A huge thanks to my amazing beta tnlph!

"I'd like to make myself believe
That planet Earth turns slowly
It's hard to say that I'd rather stay awake when I'm asleep
'Cause everything is never as it seems"
(fireflies- owl city)

She has an inexplicable attraction to jukeboxes. She isn't sure when it started, but she has this habit, whenever something falls apart in her life, to spend the night in front of the old box, feed it with coins and let the music flow in, until she feels it's going to be okay again.

She didn't intend to stay. It was supposed to be another stop on the road, have a snack, gather some strength and go on. But when the old lady behind the counter asks if she wants a room for the night, she sees the old jukebox in the corner of her eye and in the next moment she finds herself with a key in her hand.

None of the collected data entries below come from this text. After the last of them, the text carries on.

(* In the Setting below, for any index $i$ and any two $C_i$-tests $S,S'\in\mathcal{T}$, either $L(S)\subseteq L(S')$, or $L(S')\subseteq L(S)$, or $L(S)\cap L(S')=\emptyset$.
   Context: A test $T$ on $[n]$ separates $i\neq j$ if $|\{i,j\}\cap T|=1$. The classes induced by a collection $\mathcal{T}'$ of tests are the equivalence classes of the relation ''$i,j$ are not separated by any test of $\mathcal{T}'$''. Setting: $\mathcal{T}$ is a collection of distinct tests on $[n]$ that is a test cover, and $\mathcal{F}\subseteq\mathcal{T}$ has the property that for every $T\in\mathcal{T}\setminus\mathcal{F}$, $\mathcal{F}\cup\{T\}$ induces at most one more class than $\mathcal{F}$, and for every two tests $T,T'\in\mathcal{T}\setminus\mathcal{F}$, $\mathcal{F}\cup\{T,T'\}$ induces at most two more classes than $\mathcal{F}$. Let $C_1,\dots,C_l$ be the classes induced by $\mathcal{F}$. For $C\subseteq[n]$, a test $S\in\mathcal{T}$ is a $C$-test if $S\cap C\neq\emptyset$ and $C\setminus S\neq\emptyset$; its local portion is $L(S)=S\cap C$ and global portion $G(S)=S\setminus C$. It is assumed that every $C_i$-test $S$ satisfies $|S\cap C_i|\le |C_i|/2$ (for each $i$). *)

(* Ground set [n] is modelled as 'I_n; tests are {set 'I_n};
   collections of (distinct) tests are {set {set 'I_n}}. *)
From mathcomp Require Import all_boot.
Set Implicit Arguments. Unset Strict Implicit. Unset Printing Implicit Defensive.

Section TestCover.
Variable n : nat.
Implicit Types (T S C : {set 'I_n}) (Ts : {set {set 'I_n}}).

(* T separates i and j: |{i,j} ∩ T| = 1 *)
Definition separates T (i j : 'I_n) : bool := (i \in T) != (j \in T).

Definition unsep Ts (i j : 'I_n) : bool := [forall T in Ts, ~~ separates T i j].

Definition class_of Ts (i : 'I_n) : {set 'I_n} := [set j | unsep Ts i j].

Definition classes Ts : {set {set 'I_n}} := [set class_of Ts i | i : 'I_n].

Definition num_classes Ts : nat := #|classes Ts|.

Definition test_cover Ts : Prop :=
  forall i j : 'I_n, i != j -> exists2 T, T \in Ts & separates T i j.

Definition is_Ctest C S : bool := (S :&: C != set0) && (C :\: S != set0).

Definition local_portion C S : {set 'I_n} := S :&: C.
Definition global_portion C S : {set 'I_n} := S :\: C.

End TestCover.

(* Let C be a class of F and let S, S' be C-tests whose local portions
   L = S :&: C and L' = S' :&: C are neither nested nor disjoint, so there
   are points a in L :&: L', b in L :\: L' and c in L' :\: L.  Since
   2|L| <= |C|, 2|L'| <= |C| and L, L' meet, L :|: L' misses a point d of C.
   Any two of a, b, c, d are separated by S or S', so adding S and S' to F
   splits C into at least four classes, i.e. creates at least three new ones.
   But a C-test splits C, hence is not in F, and the hypothesis on pairs of
   tests outside F allows at most two new classes. *)
From mathcomp Require Import all_boot.
From mathcomp Require Import zify.
Set Implicit Arguments. Unset Strict Implicit. Unset Printing Implicit Defensive.

Lemma crossing_avoids (I : finType) (C L L' : {set I}) (a : I) :
  2 * #|L| <= #|C| -> 2 * #|L'| <= #|C| ->
  a \in L :&: L' -> exists2 d, d \in C & d \notin L :|: L'.
Proof.
move=> hL hL' aLL'.
have [covered | /subsetPn[d dC dL]] := boolP (C \subset L :|: L'); last by exists d.
have := subset_leq_card covered; rewrite cardsU.
have : 0 < #|L :&: L'| by rewrite card_gt0; apply/set0Pn; exists a.
have := subset_leq_card (subsetIl L L'); lia.
Qed.

Lemma nested_disjoint_or_cross (I : finType) (A B : {set I}) :
  [\/ A \subset B, B \subset A | [disjoint A & B]] \/
  exists a b c, [/\ a \in A :&: B, b \in A :\: B & c \in B :\: A].
Proof.
have [AB | /subsetPn[b bA bB]] := boolP (A \subset B); first by left; apply: Or31.
have [BA | /subsetPn[c cB cA]] := boolP (B \subset A); first by left; apply: Or32.
have [dis | /set0Pn[a aAB]] := boolP (A :&: B == set0).
  by left; apply: Or33; rewrite -setI_eq0.
by right; exists a, b, c; rewrite aAB !inE bA bB cB cA.
Qed.

Section Classes.
Variable n : nat.
Implicit Types (Ts Us : {set {set 'I_n}}) (i j x y : 'I_n) (T : {set 'I_n}).

Lemma unsepP Ts i j :
  reflect (forall T, T \in Ts -> (i \in T) = (j \in T)) (unsep Ts i j).
Proof.
apply: (iffP forall_inP) => H T HT; last by rewrite /separates (H T HT) eqxx.
by have := H T HT; rewrite /separates negbK => /eqP.
Qed.

Lemma class_self Ts i : i \in class_of Ts i.
Proof. by rewrite inE; apply/unsepP. Qed.

Lemma in_class_unsep Ts i x y :
  x \in class_of Ts i -> y \in class_of Ts i -> unsep Ts x y.
Proof.
rewrite !inE => /unsepP Hx /unsepP Hy; apply/unsepP => T HT.
by rewrite -Hx // Hy.
Qed.

Lemma class_eq Ts i j : unsep Ts i j -> class_of Ts i = class_of Ts j.
Proof.
move/unsepP=> H; apply/setP => k; rewrite !inE.
by apply/unsepP/unsepP => H' T HT; [rewrite -H // H' | rewrite H // H'].
Qed.

Lemma separated_classes Ts T x y :
  T \in Ts -> separates T x y -> class_of Ts x != class_of Ts y.
Proof.
move=> HT sep; apply: contraTneq sep => E.
have : y \in class_of Ts x by rewrite E class_self.
by rewrite inE => /unsepP yx; rewrite /separates yx // eqxx.
Qed.

Lemma unsep_sub Ts Us i j : Ts \subset Us -> unsep Us i j -> unsep Ts i j.
Proof. by move=> sub /unsepP H; apply/unsepP => T /(subsetP sub)/H. Qed.

(* A C-test splits C, so it cannot belong to Ts when C is a class of Ts. *)
Lemma Ctest_notin Ts C S : C \in classes Ts -> is_Ctest C S -> S \notin Ts.
Proof.
case/imsetP=> i _ -> /andP[/set0Pn[x] /setIP[xS xC] /set0Pn[y] /setDP[yC yS]].
apply: contra yS => STs; have /unsepP := in_class_unsep xC yC.
by move/(_ S STs) <-.
Qed.

(* If Ts \subset Us and a class C of Ts contains the points of s, which lie
   in pairwise distinct Us-classes, then Us has at least size s - 1 more
   classes than Ts: each Us-class lies in a unique Ts-class (its image under
   [coarse]), every Ts-class contains some Us-class, and C contains at least
   size s of them. *)
Lemma num_classes_refine Ts Us C (s : seq 'I_n) :
  Ts \subset Us -> C \in classes Ts -> {subset s <= C} ->
  uniq (map (class_of Us) s) ->
  num_classes Ts + size s <= (num_classes Us).+1.
Proof.
move=> sub CTs sC us; have /imsetP[i0 _ defC] := CTs.
pose coarse (D : {set 'I_n}) := class_of Ts (odflt i0 [pick x in D]).
have coarseE y : coarse (class_of Us y) = class_of Ts y.
  rewrite /coarse; case: pickP => [x Hx | /(_ y)] /=; last by rewrite class_self.
  apply/esym/class_eq/(unsep_sub sub).
  exact: in_class_unsep (class_self Us y) Hx.
pose inC : {set {set 'I_n}} := [set D | coarse D == C].
have in_s : #|[set class_of Us x | x in s]| <= #|classes Us :&: inC|.
  apply/subset_leq_card/subsetP => _ /imsetP[x xs ->].
  rewrite !inE coarseE imset_f //= defC; apply/eqP/class_eq.
  by apply: in_class_unsep (class_self Ts i0); rewrite -defC sC.
have out_C : #|classes Ts :\ C| <= #|classes Us :\: inC|.
  apply: leq_trans (leq_imset_card coarse _); apply/subset_leq_card/subsetP.
  move=> E /setD1P[EnC /imsetP[y _ defE]]; rewrite {E}defE in EnC *.
  apply/imsetP; exists (class_of Us y).
    by rewrite !inE coarseE EnC imset_f.
  by rewrite coarseE.
have s_card : #|[set class_of Us x | x in s]| = size s.
  by rewrite -(size_map (class_of Us)) -(card_uniqP us); apply: eq_card => D;
    apply/imsetP/mapP => -[x xs ->]; exists x.
have := cardsID inC (classes Us); have := cardsD1 C (classes Ts).
rewrite CTs /num_classes add1n; lia.
Qed.

(* Two tests whose local portions in C cross, each portion of at most half
   the size of C, split C into at least four classes: besides the witnesses
   a, b, c of the crossing there is a point d of C outside both portions, and
   any two of a, b, c, d are separated by S or by S'. *)
Lemma crossing_tests_split Us C S S' a b c :
  S \in Us -> S' \in Us ->
  2 * #|local_portion C S| <= #|C| -> 2 * #|local_portion C S'| <= #|C| ->
  a \in local_portion C S :&: local_portion C S' ->
  b \in local_portion C S :\: local_portion C S' ->
  c \in local_portion C S' :\: local_portion C S ->
  exists s : seq 'I_n,
    [/\ size s = 4, {subset s <= C} & uniq (map (class_of Us) s)].
Proof.
move=> SUs S'Us halfS halfS' aLL' bL cL'.
have [d dC dL] := crossing_avoids halfS halfS' aLL'.
case/setIP: aLL' => /setIP[aS aC] /setIP[aS' _].
case/setDP: bL => /setIP[bS bC]; rewrite inE bC andbT => bS'.
case/setDP: cL' => /setIP[cS' cC]; rewrite inE cC andbT => cS.
rewrite !inE dC !andbT negb_or in dL; case/andP: dL => dS dS'.
have sep T x y : T \in Us -> x \in T -> y \notin T -> class_of Us x != class_of Us y.
  by move=> TUs xT yT; apply: (separated_classes TUs); rewrite /separates xT (negbTE yT).
exists [:: a; b; c; d]; split=> //; first by move=> x; rewrite !inE => /or4P[] /eqP->.
rewrite /= !inE !negb_or (sep S' a b) ?(sep S a c) ?(sep S a d) ?(sep S b c) //.
by rewrite (sep S b d) ?(sep S' c d).
Qed.

End Classes.

Theorem mainTheorem10 (n : nat) (Tt F : {set {set 'I_n}}) :
  test_cover Tt ->
  F \subset Tt ->
  (forall T, T \in Tt :\: F -> num_classes (T |: F) <= (num_classes F).+1) ->
  (forall T T', T \in Tt :\: F -> T' \in Tt :\: F ->
     num_classes (T |: (T' |: F)) <= (num_classes F).+2) ->
  (forall C, C \in classes F -> forall S, S \in Tt -> is_Ctest C S ->
     2 * #|local_portion C S| <= #|C|) ->
  forall C, C \in classes F ->
  forall S S', S \in Tt -> S' \in Tt -> is_Ctest C S -> is_Ctest C S' ->
    [\/ local_portion C S \subset local_portion C S',
        local_portion C S' \subset local_portion C S
      | [disjoint local_portion C S & local_portion C S']].
Proof.
move=> _ _ _ two_new half C CF S S' STt S'Tt CS CS'.
case: (nested_disjoint_or_cross (local_portion C S) (local_portion C S')) =>
  [// | [a [b [c [aLL' bL cL']]]]].
pose G := S |: (S' |: F).
have FG : F \subset G by apply/subsetP => X XF; rewrite !inE XF !orbT.
have SG : S \in G by rewrite !inE eqxx.
have S'G : S' \in G by rewrite !inE eqxx orbT.
have [s [size_s sC s_split]] := crossing_tests_split SG S'G
  (half C CF S STt CS) (half C CF S' S'Tt CS') aLL' bL cL'.
have four_new := num_classes_refine FG CF sC s_split; rewrite size_s in four_new.
(* C-tests lie outside F, so S and S' together add at most two classes. *)
have notF X : X \in Tt -> is_Ctest C X -> X \in Tt :\: F.
  by move=> XTt XC; rewrite inE XTt (Ctest_notin CF XC).
have two_new_SS' : num_classes G <= (num_classes F).+2 :=
  two_new S S' (notF S STt CS) (notF S' S'Tt CS').
have := leq_trans four_new (two_new_SS' : (num_classes G).+1 <= (num_classes F).+3).
by rewrite addn4 ltnn.
Qed.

She had been on the road for hours, slowly getting addicted to the feeling behind the wheel, cool evening breeze coming in through the open windows, and good music keeping her company when for the first time, she has taken control of her life.

She isn't sure where this urge to leave came from.

It was an impulsive decision, to throw some clothes and a toothbrush into a traveling bag and just… go, without a destination or return date, without any clue where this journey is going to take her.

Maybe it's just the constant itch under her skin, that there is something she is missing, that she doesn't exactly belong here.

Dad always told her she should have been born in a different time. And maybe this is why she never fit in. The pace of life in New York was always too fast for her, and while her classmates spent their time at parties, she found shelter in the ancient legends she heard as a child, dreaming of castles and ball rooms, finding her world between the pages.

But she will turn eighteen in a few hours, too old to try on mother's old dress and pretend to be a princess. She should stop dreaming and find herself a new place to call home.

[The apartment in Queens never felt like home. (Just the place where dad would stand staring at the walls, missing mom.) And she walked around the world where she is feeling rootless, floating through space in search for her mother ship.]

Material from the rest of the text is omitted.